Chapter 1 — Overview of the Consolidation Models
Chapter 1 — Overview of the Consolidation Models
1.1 Which Consolidation Model to Apply
Under U.S. GAAP, there are two primary consolidation models: (1) the voting interest entity model and (2) the VIE model. Both accounting models require the
reporting entity1 to identify whether it has a “controlling financial
interest” in a legal entity2 and is therefore required to consolidate the legal entity. This requirement is
not limited to legal entities that are VIEs — a reporting entity must consolidate
any legal entity in which it has a controlling financial interest.
Under the voting interest entity model, a reporting entity with ownership of a majority of the voting interests of a legal entity is generally considered to have a controlling financial interest in the legal entity (see Section 1.3 for information about the voting interest entity model). However, the VIE model (see Section 1.2) was established for situations in which control may be demonstrated other than by the possession of voting rights in a legal entity.
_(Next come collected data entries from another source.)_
(* Let $I_{\mathrm{C}}=\langle p_1,p_2,p_3\rangle$ be the ideal of $\mathbb{Q}[x_1,x_2,x_3,d_1,d_2,d_3,L]$ generated by $p_1,p_2,p_3$, and let $I_{\mathrm{C\_sym}}=I_{\mathrm{C}}\cap \operatorname{Sym}\mathbb{Q}[M,L]$. Then $I_{\mathrm{C\_sym}}$ is finitely generated as an ideal of the ring $\operatorname{Sym}\mathbb{Q}[M,L]$; the seven polynomials $\tilde p_2,\tilde p_3,\tilde p_4,\tilde p_5,\tilde p_6,\tilde p_7,\tilde p_8$ belong to $I_{\mathrm{C\_sym}}$ and generate it as an ideal of $\operatorname{Sym}\mathbb{Q}[M,L]$.
   Context: Work in the polynomial ring $\mathbb{Q}[M,L]=\mathbb{Q}[x_1,x_2,x_3,d_1,d_2,d_3,L]$. Define $p_1=x_2^2+x_3^2-d_1^2$, $p_2=x_3^2+x_1^2-d_2^2$, $p_3=x_1^2+x_2^2-d_3^2$. The symmetric group $S_3$ acts on this ring by $\sigma(x_i)=x_{\sigma(i)}$, $\sigma(d_i)=d_{\sigma(i)}$, $\sigma(L)=L$ (i.e. by simultaneously permuting the columns of the matrix $M=\begin{pmatrix}x_1&x_2&x_3\\ d_1&d_2&d_3\end{pmatrix}$). $\operatorname{Sym}\mathbb{Q}[M,L]$ denotes the subring of polynomials invariant under this action (multisymmetric polynomials). Define $\tilde p_2=p_1+p_2+p_3$, $\tilde p_3=d_1p_1+d_2p_2+d_3p_3$, $\tilde p_4=x_1p_1+x_2p_2+x_3p_3$, $\tilde p_5=x_1d_1p_1+x_2d_2p_2+x_3d_3p_3$, $\tilde p_6=x_1^2p_1+x_2^2p_2+x_3^2p_3$, $\tilde p_7=d_1^2p_1+d_2^2p_2+d_3^2p_3$, $\tilde p_8=x_1^2d_1^2p_1+x_2^2d_2^2p_2+x_3^2d_3^2p_3$. *)

(* Q[x1,x2,x3,d1,d2,d3,L] is realised as the iterated
   univariate polynomial ring over rat: innermost variable x1, then x2, x3,
   d1, d2, d3, and outermost L. *)
From HB Require Import structures.
From mathcomp Require Import all_boot all_order all_algebra all_fingroup.
Set Implicit Arguments. Unset Strict Implicit. Unset Printing Implicit Defensive.
Import GRing.Theory.
Local Open Scope ring_scope.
Accordingly, the evaluation of whether a reporting entity has a controlling financial interest in a VIE focuses on “the power to direct the activities of a VIE that most significantly impact the VIE’s economic performance” and “the obligation to absorb losses of the VIE that could potentially be significant to the VIE or the right to receive benefits from the VIE that could potentially be significant to the VIE.”
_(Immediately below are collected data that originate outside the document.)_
Lemma rowbit_gray e j : e < c -> j < h ->
  exists x b0, x < c /\ forall k, rowbit x e k = b0 (+) gray j k.
Proof.
move=> he hj; case: (leqP (c - h + j) e) => hej.
  exists (e - (c - h) - j), true; split; first lia.
  move=> k; rewrite rowbit_le; last lia.
  by rewrite block_gray; [rewrite (_ : e - _ - (c - h) = j) //; lia | lia].
exists (e + h - j), false; split; first lia.
move=> k; rewrite rowbit_gt; last lia.
by rewrite block_gray; [rewrite negbK (_ : e + c - _ - (c - h) = j) //; lia | lia].
Qed.

Lemma rowbit_block_sep e e' k k' : e < e' -> e' < c ->
  exists x, x < c /\ rowbit x e k != rowbit x e' k'.
Proof.
move=> hee he'; case: (ltnP (e' - e) (c - h)) => hd.
  exists e; split; first lia.
  rewrite !rowbit_le; [|lia|lia].
  by rewrite subnn [block 0 _]/block block_ones //; lia.
exists e'.-1; split; first lia.
rewrite rowbit_gt; last lia.
rewrite rowbit_le; last lia.
by rewrite !block_ones //; lia.
Qed.

Lemma rowbit_inj e e' k k' : e < c -> e' < c -> k < P -> k' < P ->
  (forall x, x < c -> rowbit x e k = rowbit x e' k') -> e = e' /\ k = k'.
Proof.
move=> he he' hk hk' H.
have ee : e = e'.
  case: (ltngtP e e') => // hlt.
  - by have [x [hx]] := rowbit_block_sep k k' hlt he'; rewrite H ?eqxx.
  - by have [x [hx]] := rowbit_block_sep k' k hlt he; rewrite H ?eqxx.
split=> //; subst e'; apply: (@gray_inj h) => // j hj.
have [x [b0 [hx Hx]]] := rowbit_gray he hj.
by have := H x hx; rewrite !Hx => /addbI.
Qed.

Lemma rowbit_meet e e' k k' : e < c -> e' < c ->
  exists x, x < c /\ rowbit x e k = rowbit x e' k'.
Proof.
wlog hee : e e' k k' / e <= e'.
  move=> W he he'; case: (leqP e e') => hle; first exact: W.
  by have [x [hx E]] := W e' e k' k (ltnW hle) he' he; exists x; split=> //; rewrite E.
move=> he he'; case: (eqVneq e e') => [<-|hne]; first by exists e; split => //; rewrite /rowbit leqnn subnn.
case: (leqP (e + h + 1) e') => ha.
  exists e'; split=> //; rewrite rowbit_gt; last lia.
  by rewrite rowbit_le // subnn [block 0 _]/block block_ones //; lia.
case: (leqP (e' + h + 2) c) => hb.
  exists c.-1; split; first lia.
  rewrite !rowbit_gt; [|lia|lia].
  rewrite (_ : e + c - c.-1 = e.+1); last lia.
  rewrite (_ : e' + c - c.-1 = e'.+1); last lia.
  by rewrite !block_ones //; lia.
exists e.-1; split; first lia.
rewrite !rowbit_le; [|lia|lia].
by rewrite (_ : e - e.-1 = 1); [rewrite !block_ones //; lia | lia].
Qed.

Lemma code_repeated x : x < c -> code x P = (x == 1) (+) (x == h.+1).
Proof.
move=> hx; have P0 := P_pos.
rewrite /code /spike eqxx andbT /stretch leqnn subn1 divn_small ?ltn_predL //.
rewrite modn_small ?ltn_predL //; congr (_ (+) _).
case: (posnP x) => [->|x0]; first by rewrite /rowbit leqnn.
rewrite rowbit_gt // add0n; case: (ltnP h x) => hxh.
  rewrite (_ : (x == 1) = false); last by apply/eqP; lia.
  by rewrite block_ones //; lia.
rewrite block_gray ?negbK ?gray_last; [|lia|lia].
by apply/idP/idP => /eqP ?; apply/eqP; lia.
Qed.

Lemma repeated_sep e k : e < c ->
  exists x, x < c /\ (x == 1) (+) (x == h.+1) != rowbit x e k.
Proof.
move=> he; have h1F : (h.+1 == 1) = false by apply/eqP; lia.
case: (eqVneq e 0) => [->|e0].
  by exists h.+1; rewrite rowbit_spiked h1F eqxx; split=> //; lia.
case: (eqVneq e 1) => [->|e1].
  exists 1; rewrite /rowbit leqnn subnn eqxx (_ : (1 == h.+1) = false).
    by split=> //; lia.
  by apply/eqP; lia.
case: (eqVneq e h.+1) => [->|eh].
  by exists h.+1; rewrite /rowbit leqnn subnn h1F eqxx; split=> //; lia.
case: (ltnP e (c - h)) => hec.
  by exists 0; rewrite rowbit_le // subn0 block_ones; [split=> //; lia | lia | lia].
exists e.-1; rewrite rowbit_le; last lia.
rewrite (_ : e - e.-1 = 1); last lia.
rewrite block_ones; [|lia|lia].
rewrite (_ : (e.-1 == 1) = false); last by apply/eqP; lia.
by rewrite (_ : (e.-1 == h.+1) = false); [split=> //; lia | apply/eqP; lia].
Qed.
The flowchart segment above illustrates the relevant questions (a series of
“scope” questions) for determining which consolidation model a reporting entity
should apply. The analysis begins with the reporting entity’s evaluation of whether
the legal entity is a VIE3 and therefore subject to the consolidation requirements under the VIE model.
Only if a legal entity does not meet the definition of a VIE, or the reporting
entity qualifies for a VIE scope exception, would the reporting entity apply the
voting interest entity model or other applicable GAAP.
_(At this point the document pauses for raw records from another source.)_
(* Let $n$ and $k$ be even integers with $1\le k<n/2$, $\gcd(n,k)=2$ and $4\nmid n$. Then (a) $\lambda\in A(n,k)$ if and only if $k^2\equiv1\pmod{n/2}$; (b) $\tau\in A(n,k)$ if and only if $k^2\equiv-1\pmod{n/2}$. Moreover, if $\lambda\in A(n,k)$ then $\lambda\in B(n,k)$, and if $\tau\in A(n,k)$ then $\tau\in B(n,k)$.
   Context: $\mathrm{DGP}(n,k)$ ($1\le k<n/2$) is the graph with vertex set $\{(u_i,j),(v_i,j): 0\le i\le n-1,\ j\in\{0,1\}\}$ and edges $\{(u_i,j),(u_{i+1},1-j)\}$, $\{(u_i,j),(v_i,1-j)\}$ (spokes, forming the set $\mathcal{S}$), $\{(v_i,j),(v_{i+k},1-j)\}$, subscripts mod $n$ (the canonical double cover of the generalized Petersen graph $\mathrm{GP}(n,k)$). $A(n,k)$ is its automorphism group and $B(n,k)$ the setwise stabilizer of $\mathcal{S}$ in $A(n,k)$. Define permutations $\lambda,\tau$ of the vertex set (subscripts mod $n$; $n$ even so parity of $i+j$ is well defined): if $i+j$ is odd, $(u_i,j)^\lambda=(v_{1+(i-k)k},j)$, $(v_i,j)^\lambda=(u_{ik},j)$; if $i+j$ is even, $(u_i,j)^\lambda=(v_{ik},j)$, $(v_i,j)^\lambda=(u_{1+(i-k)k},j)$. Similarly, if $i+j$ is odd, $(u_i,j)^\tau=(v_{-1+(i-k)k},j)$, $(v_i,j)^\tau=(u_{ik},j)$; if $i+j$ is even, $(u_i,j)^\tau=(v_{ik},j)$, $(v_i,j)^\tau=(u_{-1+(i-k)k},j)$. *)

From mathcomp Require Import all_boot.
Set Implicit Arguments. Unset Strict Implicit. Unset Printing Implicit Defensive.

(* Vertices of DGP(n,k): inl (i,j) is (u_i, j), inr (i,j) is (v_i, j);
   j : bool encodes j in {0,1} (false = 0, true = 1). *)
Definition vertex (n : nat) := (('I_n * bool) + ('I_n * bool))%type.

(* Reduction of a natural number mod n, as an element of 'I_n
   (the witness i : 'I_n guarantees n > 0). *)
Definition zmod (n : nat) (i : 'I_n) (m : nat) : 'I_n :=
  Ordinal (ltn_pmod m (leq_ltn_trans (leq0n i) (ltn_ord i))).

Definition dgp_adj (n k : nat) (x y : vertex n) : bool :=
  match x, y with
  | inl (i, j), inl (i', j') =>
      (j' == ~~ j) && ((val i' == (i + 1) %% n) || (val i == (i' + 1) %% n))
  | inl (i, j), inr (i', j') => (i == i') && (j' == ~~ j)
  | inr (i, j), inl (i', j') => (i == i') && (j' == ~~ j)
  | inr (i, j), inr (i', j') =>
      (j' == ~~ j) && ((val i' == (i + k) %% n) || (val i == (i' + k) %% n))
  end.

Definition is_spoke (n k : nat) (x y : vertex n) : bool :=
  dgp_adj k x y &&
  match x, y with
  | inl _, inr _ | inr _, inl _ => true
  | _, _ => false
  end.

Definition in_A (n k : nat) (f : vertex n -> vertex n) : Prop :=
  bijective f /\ forall x y, dgp_adj k (f x) (f y) = dgp_adj k x y.

Definition in_B (n k : nat) (f : vertex n -> vertex n) : Prop :=
  in_A k f /\ forall x y, is_spoke k (f x) (f y) = is_spoke k x y.

(* lambda; i - k is computed as i + n - k (k < n), so (i-k)k mod n is
   ((i + n - k) * k) mod n. *)
Definition lam (n k : nat) (x : vertex n) : vertex n :=
  match x with
  | inl (i, j) =>
      if odd (i + j) then inr (zmod i (1 + (i + n - k) * k), j)
      else inr (zmod i (i * k), j)
  | inr (i, j) =>
      if odd (i + j) then inl (zmod i (i * k), j)
      else inl (zmod i (1 + (i + n - k) * k), j)
  end.

(* tau; -1 + m is computed as m + (n - 1) mod n. *)
Definition tau (n k : nat) (x : vertex n) : vertex n :=
  match x with
  | inl (i, j) =>
      if odd (i + j) then inr (zmod i ((i + n - k) * k + (n - 1)), j)
      else inr (zmod i (i * k), j)
  | inr (i, j) =>
      if odd (i + j) then inl (zmod i (i * k), j)
      else inl (zmod i ((i + n - k) * k + (n - 1)), j)
  end.

From mathcomp Require Import all_boot zify.

Set Implicit Arguments. Unset Strict Implicit. Unset Printing Implicit Defensive.

(* Both lam and tau are instances of the map
     (u_i, j) |-> (v_(ik + [i+j odd] c), j),   (v_i, j) |-> (u_(ik + [i+j even] c), j)
   with c = 1 - k^2 for lam and c = -1 - k^2 for tau (mod n).  As k is even and
   c odd, the parity of the new subscript remembers [i+j odd]; together with
   gcd(n/2, k) = 1 this makes the map injective.  It sends spokes to spokes and
   u-edges to v-edges, while a v-edge goes to a pair of u-vertices whose
   subscripts differ by c + k^2 or by k^2 - c.  Since c + k^2 = 1 resp. -1, the
   map preserves adjacency iff k^2 - c = 2k^2 - 1 resp. 2k^2 + 1 is +-1 mod n,
   i.e. iff k^2 = 1 resp. -1 mod n/2 (k^2 = 0 mod n/2 being excluded by
   coprimality); an injective edge-preserving self-map of a finite graph is an
   automorphism. *)

Lemma inj_homo_mono (T : finType) (e : rel T) (f : T -> T) :
  injective f -> {homo f : x y / e x y} -> {mono f : x y / e x y}.
Proof.
move=> f_inj f_homo x y; apply/idP/idP; last exact: f_homo.
pose E := [set p : T * T | e p.1 p.2].
pose F (p : T * T) := (f p.1, f p.2).
have F_inj : injective F by move=> [a b] [a' b'] [] /f_inj -> /f_inj ->.
have FE : F @: E = E.
  apply/eqP; rewrite eqEcard card_imset // leqnn andbT.
  by apply/subsetP => _ /imsetP[p + ->]; rewrite !inE; apply: f_homo.
move=> exy; have : F (x, y) \in F @: E by rewrite FE inE.
by case/imsetP=> p + /F_inj eq_p; rewrite -eq_p inE.
Qed.

Definition cyc_adj (n s a b : nat) : bool :=
  (b == a + s %[mod n]) || (a == b + s %[mod n]).

Section CyclicAdjacency.
Variables (n s : nat).

Lemma cyc_adjC a b : cyc_adj n s a b = cyc_adj n s b a.
Proof. exact: orbC. Qed.

Lemma cyc_adj_congr a a' b b' : a = a' %[mod n] -> b = b' %[mod n] ->
  cyc_adj n s a b = cyc_adj n s a' b'.
Proof.
by move=> eq_a eq_b; rewrite /cyc_adj -!(modnDml a) -!(modnDml b) eq_a eq_b !modnDml.
Qed.

Lemma cyc_adj_mod a b : cyc_adj n s (a %% n) (b %% n) = cyc_adj n s a b.
Proof. exact: cyc_adj_congr (modn_mod a n) (modn_mod b n). Qed.

Lemma cyc_adjDr x a b : cyc_adj n s (a + x) (b + x) = cyc_adj n s a b.
Proof. by rewrite /cyc_adj !(addnAC _ x) !eqn_modDr. Qed.

Lemma cyc_adjMr k a b : cyc_adj n s a b -> cyc_adj n (s * k) (a * k) (b * k).
Proof.
by case/orP=> /eqP eq_ab; apply/orP; [left|right];
  rewrite -modnMml eq_ab modnMml mulnDl.
Qed.

Lemma cyc_adj_odd a b : ~~ odd n -> cyc_adj n s a b -> odd b = odd s (+) odd a.
Proof.
move/negbTE=> n_even; case/orP=> /eqP/(congr1 odd); rewrite !odd_mod // oddD.
  by rewrite addbC.
by move=> ->; rewrite addbC -addbA addbb addbF.
Qed.

End CyclicAdjacency.

Lemma dgp_adjC n k (x y : vertex n) : dgp_adj k x y = dgp_adj k y x.
Proof.
case: x y => [[i j]|[i j]] [[i' j']|[i' j']] /=;
  rewrite ?(eq_sym i) ?(orbC (val i' == _));
  by case: j j' => [] [].
Qed.

Lemma dgp_adj_uu n k (i i' : 'I_n) j j' :
  dgp_adj k (inl (i, j)) (inl (i', j')) = (j' == ~~ j) && cyc_adj n 1 i i'.
Proof. by rewrite /= /cyc_adj !(modn_small (ltn_ord _)). Qed.

Lemma dgp_adj_vv n k (i i' : 'I_n) j j' :
  dgp_adj k (inr (i, j)) (inr (i', j')) = (j' == ~~ j) && cyc_adj n k i i'.
Proof. by rewrite /= /cyc_adj !(modn_small (ltn_ord _)). Qed.

Definition swap_map (n k c : nat) (x : vertex n) : vertex n :=
  match x with
  | inl (i, j) => inr (zmod i (i * k + odd (i + j) * c), j)
  | inr (i, j) => inl (zmod i (i * k + ~~ odd (i + j) * c), j)
  end.

Lemma swap_map_in_B n k c : in_A k (@swap_map n k c) -> in_B k (@swap_map n k c).
Proof.
move=> fA; split=> // x y; rewrite /is_spoke fA.2.
by case: x y => [[i j]|[i j]] [[i' j']|[i' j']].
Qed.

Section SwapMap.
Variables (m k c : nat).
Let n := m.*2.
Hypotheses (coprime_mk : coprime m k) (k_even : ~~ odd k) (c_odd : odd c).

Let n_even : ~~ odd n. Proof. by rewrite odd_double. Qed.

Lemma odd_swap_index i (e : bool) : odd (i * k + e * c) = e.
Proof. by rewrite oddD !oddM oddb (negbTE k_even) c_odd andbF andbT. Qed.

Lemma muln_mod_inj_parity i i' : i < n -> i' < n -> odd i = odd i' ->
  i * k = i' * k %[mod n] -> i = i'.
Proof.
wlog le_i'i : i i' / i' <= i.
  by move=> W ? ? ? ?; case: (leqP i' i) => [|/ltnW] ?; [|symmetry]; apply: W.
move=> lt_in lt_i'n odd_ii' /eqP.
rewrite eqn_mod_dvd ?leq_mul2r ?le_i'i ?orbT // -mulnBl.
have d_even : ~~ odd (i - i') by rewrite oddB // odd_ii' addbb.
rewrite /n -(even_halfK d_even) -!muln2 mulnAC dvdn_pmul2r // Gauss_dvdl //.
rewrite -(dvdn_pmul2r (isT : 0 < 2)) !muln2 (even_halfK d_even) -/n => n_dvd.
by case: (posnP (i - i')) => [|/dvdn_leq/(_ n_dvd)]; lia.
Qed.

Lemma swap_index_inj (i i' : 'I_n) (e e' : bool) : e (+) odd i = e' (+) odd i' ->
  i * k + e * c = i' * k + e' * c %[mod n] -> i = i'.
Proof.
move=> odd_sum eq_idx.
have e_eq : e = e'.
  by have := congr1 odd eq_idx; rewrite !odd_mod ?(negbTE n_even) // !odd_swap_index.
move: odd_sum eq_idx; rewrite e_eq => /addbI odd_ii' /eqP; rewrite eqn_modDr => /eqP.
by move/(muln_mod_inj_parity (ltn_ord i) (ltn_ord i') odd_ii')/val_inj.
Qed.

Lemma swap_map_inj : injective (@swap_map n k c).
Proof.
case=> [[i j]|[i j]] [[i' j']|[i' j']] //= [eq_idx eq_jj']; subst j';
  rewrite (swap_index_inj _ eq_idx) // !oddD !oddb;
  by clear eq_idx; case: (odd i) (odd i') j => [] [] [].
Qed.

Lemma swap_map_v_step a a' (e : bool) :
  cyc_adj n 1 c (k ^ 2) -> cyc_adj n 1 0 (c + k ^ 2) ->
  a' = a + k %[mod n] -> cyc_adj n 1 (a * k + ~~ e * c) (a' * k + e * c).
Proof.
move=> adj_c adj_0 eq_a'.
have eq_a'k : a' * k + e * c = a * k + (k ^ 2 + e * c) %[mod n].
  by rewrite -modnDml -modnMml eq_a' modnMml modnDml mulnDl mulnn addnA.
rewrite (cyc_adj_congr _ (erefl _) eq_a'k) !(addnC (a * k)) cyc_adjDr {eq_a'k}.
by case: e; rewrite /= ?mul1n ?mul0n ?addn0 // addnC.
Qed.

Lemma swap_map_homo : cyc_adj n 1 c (k ^ 2) -> cyc_adj n 1 0 (c + k ^ 2) ->
  {homo @swap_map n k c : x y / dgp_adj k x y}.
Proof.
move=> adj_c adj_0.
have spoke i j : dgp_adj k (@swap_map n k c (inl (i, j))) (@swap_map n k c (inr (i, ~~ j))).
  by rewrite /= !oddD !oddb addbN negbK !eqxx.
case=> [[i j]|[i j]] [[i' j']|[i' j']].
- rewrite dgp_adj_uu => /andP[/eqP-> adj_ii'].
  rewrite /swap_map dgp_adj_vv eqxx cyc_adj_mod !oddD !oddb.
  rewrite (cyc_adj_odd n_even adj_ii') addNb addbN negbK cyc_adjDr.
  by have := cyc_adjMr k adj_ii'; rewrite mul1n.
- by move=> /andP[/eqP<- /eqP->]; apply: spoke.
- by rewrite dgp_adjC => /andP[/eqP<- /eqP->]; rewrite dgp_adjC; apply: spoke.
- rewrite dgp_adj_vv => /andP[/eqP-> adj_ii'].
  rewrite /swap_map dgp_adj_uu eqxx cyc_adj_mod !oddD !oddb.
  rewrite (cyc_adj_odd n_even adj_ii') (negbTE k_even) addFb addbN negbK /=.
  case/orP: adj_ii' => /eqP eq_i'; first exact: swap_map_v_step.
  by rewrite cyc_adjC -{1}[odd i (+) j]negbK swap_map_v_step.
Qed.

Lemma in_A_swap_map : k < n -> cyc_adj n 1 0 (c + k ^ 2) ->
  in_A k (@swap_map n k c) <-> cyc_adj n 1 c (k ^ 2).
Proof.
move=> lt_kn adj_0; split=> [[_ f_mono] | adj_c]; last first.
  split; first exact: injF_bij swap_map_inj.
  exact: inj_homo_mono swap_map_inj (swap_map_homo adj_c adj_0).
have n_gt0 : 0 < n := leq_ltn_trans (leq0n k) lt_kn.
(* the image of the edge {(v_0, 0), (v_k, 1)} is {(u_c, 0), (u_(k^2), 1)} *)
have := f_mono (inr (Ordinal n_gt0, false)) (inr (Ordinal lt_kn, true)).
rewrite /swap_map dgp_adj_uu dgp_adj_vv cyc_adj_mod /= addn1 /= (negbTE k_even).
by rewrite mul0n mul1n !add0n addn0 mulnn => ->; rewrite /cyc_adj eqxx.
Qed.
End SwapMap.

Lemma eqn_mod_double m a b : (a.*2 == b.*2 %[mod m.*2]) = (a == b %[mod m]).
Proof. by rewrite -!muln2 -!muln_modl eqn_pmul2r. Qed.

Section SquareConditions.
Variables (m k : nat).
Let n := m.*2.
Hypotheses (coprime_mk : coprime m k) (k_even : ~~ odd k).
Hypotheses (k_gt0 : 0 < k) (k_lt_m : k < m).

Lemma sqr_mod_neq0 : (k ^ 2 == 0 %[mod m]) = false.
Proof.
rewrite mod0n -mulnn -/(m %| k * k) Gauss_dvdl //.
by apply/negbTE/negP => /(dvdn_leq k_gt0); rewrite leqNgt k_lt_m.
Qed.

Let k_lt_n : k < n. Proof. by rewrite /n -addnn ltn_addr. Qed.

Lemma in_A_swap_map_sqr_eq1 c : c + k ^ 2 = 1 %[mod n] ->
  in_A k (@swap_map n k c) <-> k ^ 2 = 1 %[mod m].
Proof.
move=> ck1.
have c_odd : odd c.
  by move/(congr1 odd): ck1; rewrite !odd_mod ?odd_double // oddD oddX (negbTE k_even) addbF.
have adj_0 : cyc_adj n 1 0 (c + k ^ 2).
  by rewrite (cyc_adj_congr _ (erefl _) ck1) /cyc_adj eqxx.
rewrite (in_A_swap_map coprime_mk k_even c_odd k_lt_n adj_0).
rewrite -(cyc_adjDr _ _ (k ^ 2)) (cyc_adj_congr _ ck1 (erefl _)) addnn /cyc_adj.
rewrite (eqn_mod_double m _ 1) (eqn_modDr 1 0) (eqn_mod_double m 0) [X in _ || X]eq_sym.
by rewrite sqr_mod_neq0 orbF; split=> /eqP.
Qed.

Lemma in_A_swap_map_sqr_eqN1 c : c + k ^ 2 + 1 = 0 %[mod n] ->
  in_A k (@swap_map n k c) <-> k ^ 2 + 1 = 0 %[mod m].
Proof.
move=> ck1.
have c_odd : odd c.
  move/(congr1 odd): ck1; rewrite !odd_mod ?odd_double // !oddD oddX (negbTE k_even).
  by rewrite addbF addbT => /negbFE.
have adj_0 : cyc_adj n 1 0 (c + k ^ 2) by rewrite /cyc_adj ck1 eqxx orbT.
rewrite (in_A_swap_map coprime_mk k_even c_odd k_lt_n adj_0).
rewrite -(cyc_adjDr _ _ (k ^ 2 + 1)) addnA (cyc_adj_congr _ ck1 (erefl _)).
rewrite addnA addnn /cyc_adj eqn_modDr -addnA -[1 + 1]/(1.*2) -doubleD.
rewrite (eqn_mod_double m _ 0) (eqn_mod_double m 0) sqr_mod_neq0 eq_sym.
by split=> /eqP.
Qed.
End SquareConditions.

Lemma eq_in_A n k (f g : vertex n -> vertex n) : f =1 g -> in_A k f <-> in_A k g.
Proof.
suff imp (f1 f2 : vertex n -> vertex n) : f1 =1 f2 -> in_A k f1 -> in_A k f2.
  by move=> eq_fg; split; apply: imp => // x; rewrite eq_fg.
move=> eq_f [bij_f1 mono_f1]; split=> [|x y]; first exact: (eq_bij bij_f1 eq_f).
by rewrite -!eq_f.
Qed.

Lemma eq_in_B n k (f g : vertex n -> vertex n) : f =1 g -> in_B k f -> in_B k g.
Proof.
move=> eq_fg [/(eq_in_A k eq_fg) A_g spoke_f]; split=> // x y.
by rewrite -!eq_fg.
Qed.

Lemma lam_swap_map n k : k <= n -> @lam n k =1 @swap_map n k ((n - k) * k + 1).
Proof.
move=> le_kn [[i j]|[i j]] /=; case: (odd (i + j)) => /=;
  do 2 f_equal; apply/val_inj; rewrite /= ?mul0n ?addn0 // mul1n;
  by congr (_ %% n); rewrite -addnBA // mulnDl; lia.
Qed.

Lemma tau_swap_map n k : k <= n -> @tau n k =1 @swap_map n k ((n - k) * k + (n - 1)).
Proof.
move=> le_kn [[i j]|[i j]] /=; case: (odd (i + j)) => /=;
  do 2 f_equal; apply/val_inj; rewrite /= ?mul0n ?addn0 // mul1n;
  by congr (_ %% n); rewrite -addnBA // mulnDl; lia.
Qed.

Lemma coprime_half m k : odd m -> gcdn m.*2 k = 2 -> coprime m k.
Proof.
move=> m_odd gcd2.
by rewrite /coprime -[m in gcdn m k](gcdnMr m 2) -gcdnA muln2 gcd2 -/(coprime m 2) coprimen2.
Qed.

Theorem lemma5p3 (n k : nat) :
  ~~ odd n -> ~~ odd k -> 1 <= k -> k < n./2 -> gcdn n k = 2 -> ~~ (4 %| n) ->
  (in_A k (@lam n k) <-> k ^ 2 = 1 %[mod n./2]) /\
  (in_A k (@tau n k) <-> k ^ 2 + 1 = 0 %[mod n./2]) /\
  (in_A k (@lam n k) -> in_B k (@lam n k)) /\
  (in_A k (@tau n k) -> in_B k (@tau n k)).
Proof.
move=> n_even k_even k_gt0 k_lt_m gcd_nk n_not4.
have [m n_eq] : exists m, n = m.*2 by exists n./2; rewrite even_halfK.
subst n.
rewrite doubleK in k_lt_m *.
have m_odd : odd m.
  by rewrite -[odd m]negbK -dvdn2 -(dvdn_pmul2r (_ : 0 < 2)) // [m * 2]muln2.
have coprime_mk := coprime_half m_odd gcd_nk.
have le_kn : k <= m.*2 by rewrite -addnn ltnW // ltn_addr.
have sq_kn : (m.*2 - k) * k + k ^ 2 = k * m.*2 by rewrite -mulnn -mulnDl subnK // mulnC.
have lam_c : (m.*2 - k) * k + 1 + k ^ 2 = 1 %[mod m.*2] by rewrite addnAC sq_kn modnMDl.
have tau_c : (m.*2 - k) * k + (m.*2 - 1) + k ^ 2 + 1 = 0 %[mod m.*2].
  have -> : (m.*2 - k) * k + (m.*2 - 1) + k ^ 2 + 1 = k.+1 * m.*2 by rewrite mulSn; lia.
  by rewrite modnMl mod0n.
rewrite !(eq_in_A k (lam_swap_map le_kn)) !(eq_in_A k (tau_swap_map le_kn)).
split; first exact: in_A_swap_map_sqr_eq1 lam_c.
split; first exact: in_A_swap_map_sqr_eqN1 tau_c.
split=> /swap_map_in_B; apply: eq_in_B; apply: fsym.
- exact: lam_swap_map.
- exact: tau_swap_map.
Qed.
1.1.1 Is There a Legal Entity?
The scope of the consolidation guidance in ASC 810-10 is limited to a reporting
entity’s involvement with another legal entity. The Codification defines “legal
entity” broadly; therefore, almost any legal structure that is used to own
assets, issue debt, or otherwise conduct activities would meet the definition of
a legal entity. The particular legal form of the entity (e.g., corporation,
partnership, limited liability company, grantor trust, or other trust) is not
relevant to the determination of whether the structure is a legal entity.
Divisions, departments, branches, and pools of assets are examples of components
that are typically not separate legal entities. See Section 3.2.
If the reporting entity is involved with a legal entity, the reporting entity must continue its consolidation analysis.
1.1.2 Does a Scope Exception Apply?
A reporting entity may be exempt from analyzing a legal entity for consolidation as a result of a general scope exception (see Section 3.3) or from analyzing a legal entity for consolidation under only the VIE requirements if the legal entity qualifies for a VIE scope exception (see Section 3.4). The general scope exceptions are designed to prevent consolidation of a legal entity by a reporting entity that applies other guidance under U.S. GAAP on (1) employee benefit plans, (2) investment companies, (3) governmental entities, or (4) certain money market funds. If any of these exceptions are applicable, the reporting entity should not consolidate the legal entity under ASC 810. In addition, in developing the VIE model, the FASB determined that certain reporting entities should be exempt from analyzing whether a legal entity is a VIE.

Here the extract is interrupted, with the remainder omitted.